---
title: "Reproducible Research"
subtitle: "Biostat 203B"
author: "Dr. Hua Zhou @ UCLA"
date: today
format:
html:
theme: cosmo
embed-resources: true
number-sections: true
toc: true
toc-depth: 4
toc-location: left
code-fold: false
---
## Reproducible research in statistics/data science
> An article about computational science in a scientific publication is **not** the scholarship itself, it is merely **advertising** of the scholarship. The actual scholarship is the complete software development environment and the complete set of instructions which generated the figures.
>
> [Buckheit and Donoho (1995)](https://link.springer.com/chapter/10.1007/978-1-4612-2544-7_5)
## Non-reproducible research
### [Duke Potti scandal](https://en.wikipedia.org/wiki/Anil_Potti)
- [Potti, Dressman, Bild, and Riedel (2006)](https://www.nature.com/articles/nm1491)
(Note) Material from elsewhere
(* Let $(G,X,\Gamma)$ be a $(\mu,\nu)$-path system group containing a $\delta$-constricting element $(g,A)$ with $\delta$-constricting map $\pi_A$, and let $\pi_{uA}$ ($u\in G$) be the translated maps described in the context. For every $\eta\ge0$ there exists $\theta\ge1$ such that for every $\eta$-quasi-convex subgroup $(H,Y)$ of $G$: (I) for every $u\in G$, if $\operatorname{diam}_{uA}(Y)>\theta$ then $uA\subseteq Y^{+\theta}$; (II) for every subgroup $K$ with $H\le K\le G$, if $[K:H]>\theta$ then there exists $k\in K$ with $\operatorname{diam}_{kA}(Y)\le\theta$.
   Context: A path is a rectifiable continuous map $\alpha\colon[a,b]\to X$ parametrised by arc length; it is a $(\kappa,\lambda)$-quasi-geodesic if $d(\alpha(t),\alpha(t'))\le|t-t'|\le\kappa d(\alpha(t),\alpha(t'))+\lambda$. A $(\mu,\nu)$-path system group $(G,X,\Gamma)$ is a group $G$ acting properly by isometries on a geodesic metric space $X$ together with a $G$-invariant collection $\Gamma$ of paths closed under subpaths, such that any two points are joined by an element of $\Gamma$ and every element is a $(\mu,\nu)$-quasi-geodesic. $Y^{+\eta}=\{x: d(x,Y)\le\eta\}$. A subset $Y$ is $\eta$-quasi-convex if every $\gamma\in\Gamma$ with endpoints in $Y$ lies in $Y^{+\eta}$; a subgroup $H$ is $\eta$-quasi-convex, written $(H,Y)$, if $Y$ is $H$-invariant, $\eta$-quasi-convex, and $H$ acts on $Y$ $\eta$-coboundedly (for all $y,y'\in Y$ some $h\in H$ has $d(y,hy')\le\eta$). A map $\pi_A\colon X\to A$ is $\delta$-constricting if (CS1) $d(x,\pi_A(x))\le\delta$ for $x\in A$, and (CS2) for all $x,y\in X$ and $\gamma\in\Gamma$ joining them, if $d(\pi_A(x),\pi_A(y))>\delta$ then $\gamma$ meets $B_X(\pi_A(x),\delta)$ and $B_X(\pi_A(y),\delta)$. An element $g$ is $\delta$-constricting, written $(g,A)$, if it has infinite order and $A$ is a $\langle g\rangle$-invariant subset admitting a $\delta$-constricting map $\pi_A$, on which $\langle g\rangle$ acts $\delta$-coboundedly. Translated maps: fix a set $R$ of representatives of $G/\mathrm{Stab}(A)$; for $u\in G$ let $u_0\in R$ with $uA=u_0A$ and set $\pi_{uA}(x)=u_0\pi_A(u_0^{-1}x)$ (a $\delta$-constricting map onto $uA$). $\operatorname{diam}_{uA}(Y)=\operatorname{diam}(\pi_{uA}(Y))$. *)

From Stdlib Require Import Reals Lra List Sorted.
Open Scope R_scope.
- [Baggerly, K. A., & Coombes, K. R. (2009)](https://projecteuclid.org/euclid.aoas/1267453942)
- [Simply Statistics Blog: The Duke Saga Starter Set](https://simplystatistics.org/posts/2012-02-27-the-duke-saga-starter-set/)
### Microarray studies
Nature Genetics (2015 Impact Factor: 31.616). 20 articles about microarray profiling published in Nature Genetics between Jan 2005 and Dec 2006.
### Bible code
::: {layout="[[1,1], [1]]" layout-valign="bottom"}



:::
- [Witztum, D., Rips, E., & Rosenberg, Y. (1994)](https://doi.org/10.1214/ss/1177010393)
- [McKay, B., Bar-Natan, D., Bar-Hillel, M., & Kalai, G. (1999)](https://doi.org/10.1214/ss/1009212243)
## Why reproducible research
- Reproducibility has been the foundation of science. It helps accumulate scientific knowledge.
- Greater research impact.
- Better work habit boosts quality of research.
- Better teamwork. For **you** as graduate students, it means better communication with your advisor.
```{r}
#| eval: false
while true
Student: "that idea you told me to try - it doesn't work!"
Professor: "ok. how about trying this instead."
end
```
Unless you reproduce the computing environment (algorithms, dataset, tuning parameters), others cannot help you.
## How to be reproducible in data science?
> When we publish articles containing figures which were generated by computer, we also publish the complete software environment which generates the figures.
>
> [Buckheit and Donoho (1995)](https://link.springer.com/chapter/10.1007/978-1-4612-2544-7_5)
- I highly recommend the book _Reproducible Research with R and RStudio_ by Christopher Gandrud. In HW1, you are going to reproduce the whole book.
- [Amazon](https://www.amazon.com/Reproducible-Research-Studio-Chapman-Hall/dp/1466572841)
- [GitHub repo](https://github.com/christophergandrud/Rep-Res-Book)
## Tools for reproducible research
- Version control: Git+GitHub.
- Distribute method implementation, e.g., R/Python/Julia packages, on GitHub or bitbucket.
- Dynamic document: RMarkdown for R, [Jupyter](http://jupyter.org) for Julia/Python/R, Quarto.
- Docker container for reproducing a computing environment.
- Cloud computing tools.
We are going to practice reproducible research **now**. That is to make your homework reproducible using Git, GitHub, and Quarto/RMarkdown.